13 December 2007

A surprise!

I've been meeting a lot of new people because of our adoption. Everyone has a friend who's adopted or thinking about adopting. More interesting still has been the friends of friends that are Ethiopian.

I've recently met two wonderful Ethiopian women. Both were so incredibly friendly and gracious. One treated me like a saint! The other told me a most marvelous piece of information. I ask her if she by chance knew the meaning of our son's name Denekew. And she told me it means a kind of surprise.

03 December 2007

Confidential Information

I just wanted to write a post to answer a lot of questions we are getting.

Information about our son's birth, relinquishment and birth parents is confidential. I know these questions are just stemming out of curiosity. (I too found myself curious and biting my tongue when recently talking with someone who is adopting locally.)

I think adoption "etiquette" has changed in the last 20 years. Now it is highly recommended to tell your child of their adoption from a very young age and never stop telling them. It is not a one time talk. Children should not remember a time they were first told they were adopted (however, they may have a memory of first understanding what that means).

Also important information about their birth, relinquishment, and birth parents needs to be information that is kept confidential and told to them first. They should not be learning that information from other people: friends, family or neighbors. They don't need to feel as though "everyone was told about me, except me." This information will be given at age appropriate times, so it can be understood and dealt with. Then that information is theirs to share or not share with whom they feel appropriate.

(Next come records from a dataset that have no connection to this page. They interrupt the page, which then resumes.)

(* Proof: we exhibit a matrix P with det P = (-1)^(n+1) and P N(x) P^T = N(x'),
   and conclude by Pf(P A P^T) = det P * Pf(A).  P is lower triangular: its
   first 2n x 2n block is the binomial inversion matrix ((-1)^i C(i,k)), and it
   ends with the diagonal entries -1, 1.  The development proceeds as follows.
   1. Binomial polynomials binom(y, k): substitution, values at naturals,
      Chu--Vandermonde, Pascal, absorption, reflection; identities are checked
      at the natural numbers and transported to any argument by substitution.
   2. Binomial inversion maps binom(z, a+1) and binom(z, a) to -binom(-z, i+1)
      and binom(-z-1, i).
   3. The sums R_{i,j} as functions Rsum(y) of y = 2x+2n+2: their unit step is
      an explicit 2x2 "wedge" of binomials, whence, by a periodicity argument,
      binomial inversion on both indices turns Rsum(y) into Rsum(2-y).
   4. The congruence rule for Pfaffians, over any commutative ring.
   5. N(x) = R(x) + f(x)^g(x) + d(x)^e with explicit vectors f, g, d, e, and P
      maps each of these blocks to the corresponding block at x'. *)

Definition subst_stable (F : {poly rat} -> {poly rat}) : Prop :=
  forall y q, F y \Po q = F (y \Po q).

Lemma poly_eq_at_nat (p q : {poly rat}) :
  (forall m : nat, p.[m%:R] = q.[m%:R]) -> p = q.
Proof.
move=> pq; apply/eqP; rewrite -subr_eq0; apply/eqP.
apply: (@roots_geq_poly_eq0 _ _ [seq (m%:R : rat) | m <- iota 0 (size (p - q))]).
- by apply/allP => x /mapP [m _ ->]; rewrite /root hornerD hornerN pq subrr.
- by rewrite map_inj_uniq ?iota_uniq // => a b /eqP; rewrite eqr_nat => /eqP.
- by rewrite size_map size_iota.
Qed.

Lemma subst_stable_eq (F G : {poly rat} -> {poly rat}) :
  subst_stable F -> subst_stable G -> (forall m : nat, F m%:R = G m%:R) ->
  forall y, F y = G y.
Proof.
move=> sF sG FG y.
have FGX : F 'X = G 'X.
  apply: poly_eq_at_nat => m; apply: polyC_inj.
  by rewrite -!comp_polyCr sF sG comp_polyX polyC_natr FG.
by rewrite -[y]comp_polyX -sF -sG FGX.
Qed.

Lemma subst_stable_periodic_eq0 (F : {poly rat} -> {poly rat}) :
  subst_stable F -> (forall y, F (y + 1) = F y) -> F 1 = 0 -> forall y, F y = 0.
Proof.
move=> sF F1 F10.
have F00 : F 0 = 0 by have := F1 0; rewrite add0r F10.
apply: (subst_stable_eq (G := fun=> 0)) => // [y q|m] /=; first exact: comp_poly0.
by elim: m => [|m IH] //; rewrite -natr1 F1.
Qed.

Lemma pbinom0 (y : {poly rat}) : pbinom y 0 = 1.
Proof. by rewrite /pbinom big_ord0 fact0 invr1 scale1r. Qed.

Lemma pbinom_comp (y q : {poly rat}) k : pbinom y k \Po q = pbinom (y \Po q) k.
Proof.
rewrite /pbinom linearZ /= rmorph_prod; congr (_ *: _).
by apply: eq_bigr => i _; rewrite rmorphB /= rmorph_nat.
Qed.

Lemma pbinom_natr c k : pbinom c%:R k = ('C(c, k))%:R.
Proof.
have ffactE : \prod_(l < k) ((c%:R : {poly rat}) - l%:R) = (c ^_ k)%:R.
  elim: k => [|k IH]; first by rewrite big_ord0 ffactn0.
  rewrite big_ord_recr /= IH ffactnSr natrM.
  have [lekc|ltck] := leqP k c; first by rewrite natrB.
  by rewrite ffact_small // !mul0r.
have fact_neq0 : (k`!%:R : rat) != 0 by rewrite pnatr_eq0 -lt0n fact_gt0.
by rewrite /pbinom ffactE -bin_ffact natrM mulr_natr -scaler_nat
  scalerA mulVf // scale1r.
Qed.

Lemma pbinom_natr_small c k : (c < k)%N -> pbinom c%:R k = 0.
Proof. by move=> ltck; rewrite pbinom_natr bin_small. Qed.

Lemma pbinom_shift (z : {poly rat}) c k :
  pbinom (z + c%:R) k = \sum_(l < k.+1) ('C(c, k - l))%:R * pbinom z l.
Proof.
move: z; apply: subst_stable_eq => [y q|y q|m].
- by rewrite pbinom_comp rmorphD /= rmorph_nat.
- rewrite linear_sum; apply: eq_bigr => l _.
  by rewrite rmorphM /= rmorph_nat pbinom_comp.
- rewrite -natrD pbinom_natr.
  under eq_bigr do rewrite pbinom_natr -natrM mulnC.
  by rewrite -natr_sum -binomial.Vandermonde.
Qed.

Lemma pbinom_pascal (y : {poly rat}) k :
  pbinom (y + 1) k.+1 = pbinom y k.+1 + pbinom y k.
Proof.
move: y; apply: subst_stable_eq => [y q|y q|m].
- by rewrite pbinom_comp rmorphD /= rmorph1.
- by rewrite rmorphD /= !pbinom_comp.
- by rewrite natr1 !pbinom_natr binS natrD.
Qed.

Lemma pbinom_absorb (z : {poly rat}) k :
  pbinom z k.+1 *+ k.+1 = (z - k%:R) * pbinom z k.
Proof.
rewrite /pbinom big_ord_recr /= -scaler_nat scalerA factS natrM invfM.
by rewrite mulrA mulfV ?pnatr_eq0 // mul1r mulrC scalerAr.
Qed.

Lemma pbinom_reflect (z : {poly rat}) c k :
  pbinom (- z - c%:R) k = (-1) ^+ k * pbinom (z + (c + k.-1)%:R) k.
Proof.
rewrite /pbinom -scalerAr; congr (_ *: _).
rewrite [in RHS](reindex_inj rev_ord_inj) /=.
transitivity (\prod_(i < k) ((-1) * (z + (c + i)%:R))).
  by apply: eq_bigr => i _; rewrite natrD; ring.
rewrite big_split /= prodr_const card_ord; congr (_ * _).
apply: eq_bigr => i _.
have -> : (c + k.-1 = (c + i) + (k - i.+1))%N by have := ltn_ord i; lia.
by rewrite !natrD; ring.
Qed.

Lemma pbinom_split (y : {poly rat}) a b :
  ('C(a + b, b))%:R * pbinom y (a + b) = pbinom y a * pbinom (y - a%:R) b.
Proof.
have prod_split : \prod_(l < a + b) (y - l%:R) =
    \prod_(l < a) (y - l%:R) * \prod_(l < b) (y - a%:R - l%:R).
  rewrite big_split_ord /=; congr (_ * _); apply: eq_bigr => i _.
  by rewrite natrD opprD addrA.
rewrite /pbinom prod_split -polyC_natr mul_polyC scalerA -scalerAl -scalerAr.
rewrite scalerA; congr (_ *: _).
have fact_neq0 t : (t`!%:R : rat) != 0 by rewrite pnatr_eq0 -lt0n fact_gt0.
have bin_neq0 : ('C(a + b, b)%:R : rat) != 0 by rewrite pnatr_eq0 -lt0n bin_gt0 leq_addl.
have := bin_fact (leq_addl a b); rewrite addnK => <-.
by rewrite !natrM; field; rewrite !fact_neq0 bin_neq0.
Qed.

(* The entries (-1)^k C(k,a) of the lower triangular matrix that realises
   the reflection x |-> -2n-1-x on the binomial bases. *)
Definition refl_coef (k a : nat) : {poly rat} := (-1) ^+ k * ('C(k, a))%:R.

(* Sums against refl_coef k stop at k, since C(k, a) = 0 for a > k. *)
Lemma refl_sum_trunc (F : nat -> {poly rat}) k K : (k < K)%N ->
  \sum_(a < K) refl_coef k a * F a = \sum_(a < k.+1) refl_coef k a * F a.
Proof.
move=> ltkK; rewrite (big_ord_widen _ (fun a => refl_coef k a * F a) ltkK).
rewrite [RHS]big_mkcond /=; apply: eq_bigr => a _; case: ltnP => // lt_k_a.
by rewrite /refl_coef bin_small // mulr0 mul0r.
Qed.

Lemma refl_sum_succ (z : {poly rat}) k K : (k < K)%N ->
  \sum_(a < K) refl_coef k a * pbinom z a.+1 = - pbinom (- z) k.+1.
Proof.
move=> ltkK; rewrite (@refl_sum_trunc (fun a => pbinom z a.+1)) //.
have := pbinom_reflect z 0 k.+1; rewrite subr0 => ->.
rewrite add0n /= pbinom_shift [in RHS]big_ord_recl subn0 bin_small // mul0r add0r.
rewrite exprS mulN1r mulNr opprK mulr_sumr; apply: eq_bigr => a _.
by rewrite /= subSS bin_sub ?mulrA // -ltnS.
Qed.

Lemma refl_sum (z : {poly rat}) k K : (k < K)%N ->
  \sum_(a < K) refl_coef k a * pbinom z a = pbinom (- z - 1) k.
Proof.
move=> ltkK; rewrite (@refl_sum_trunc (pbinom z)) //.
have := pbinom_reflect z 1 k; rewrite mulr1n => ->.
have -> : pbinom (z + (1 + k.-1)%:R) k = pbinom (z + k%:R) k.
  by case: (k) => [|k']; rewrite ?pbinom0.
rewrite pbinom_shift mulr_sumr; apply: eq_bigr => a _.
by rewrite bin_sub ?mulrA // -ltnS.
Qed.

(* The sum defining R_{i,j}, as a function of its argument y = 2x+2n+2. *)
Definition Rsum (y : {poly rat}) (i j : nat) : {poly rat} :=
  \sum_(l < i)
    (((j%:R - i%:R) / i%:R : rat) *: ('C(j.-1, (i.-1 - l)%N) * 'C((l + j)%N, l))%:R)
      * pbinom y (l + j).+1.

Lemma Rpol_Rsum n x i j : Rpol n x i j = Rsum (2%:R * x + (2 * n + 2)%N%:R) i j.
Proof. by []. Qed.

(* The antisymmetric combination measuring the unit step of Rsum. *)
Definition binom_wedge (z : {poly rat}) (i j : nat) : {poly rat} :=
  pbinom z i * pbinom z j.-1 - pbinom z j * pbinom z i.-1.

Lemma Rsum_comp (y q : {poly rat}) i j : Rsum y i j \Po q = Rsum (y \Po q) i j.
Proof.
rewrite /Rsum linear_sum /=; apply: eq_bigr => l _.
by rewrite rmorphM /= linearZ /= rmorph_nat pbinom_comp.
Qed.

Lemma Rsum_at1 i j : (0 < j)%N -> Rsum 1 i j = 0.
Proof.
move=> j_gt0; rewrite /Rsum big1 // => l _.
by rewrite -[X in pbinom X]mulr1n pbinom_natr_small ?mulr0 // ltnS addn_gt0 j_gt0 orbT.
Qed.

Lemma Rsum_pascal (y : {poly rat}) i j :
  Rsum (y + 1) i j = Rsum y i j + ((j%:R - i%:R) / i%:R : rat) *:
    \sum_(l < i) ('C(j.-1, (i.-1 - l)%N) * 'C((l + j)%N, l))%:R * pbinom y (l + j).
Proof.
rewrite /Rsum scaler_sumr -big_split /=; apply: eq_bigr => l _.
by rewrite pbinom_pascal mulrDr !scalerAl.
Qed.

I thank you for your respect in this subject.

Adoption Vocabulary

I would like to educate on some adoption vocabulary. Caleb and I didn't know most of these terms and their purpose before this adoption journey and thought many of you might not either. These terms are used to keep adopted children from feeling like second class members of a family. When we are asked awkward questions our first purpose in answering is not to inform the questioner but to answer what our child needs to hear. I hope you find this informative and helpful.

Q. Is he your real son?
A. Yes, he is our REAL son and we are our adopted child's REAL parents.
Our son's birth parents are called BIRTH PARENTS or BIOLOGICAL PARENTS, also some people refer to a birth mother as a TUMMY MOMMY.

Q. Are they real siblings?
A. Although Ocean & Jaguar won't be biological siblings to Denekew they will be REAL SIBLINGS.

Q. Are you going to have any more kids of your own?
A. All our kids are OUR OWN. We may adopt again, but we don't plan to have any more BIOLOGICAL children.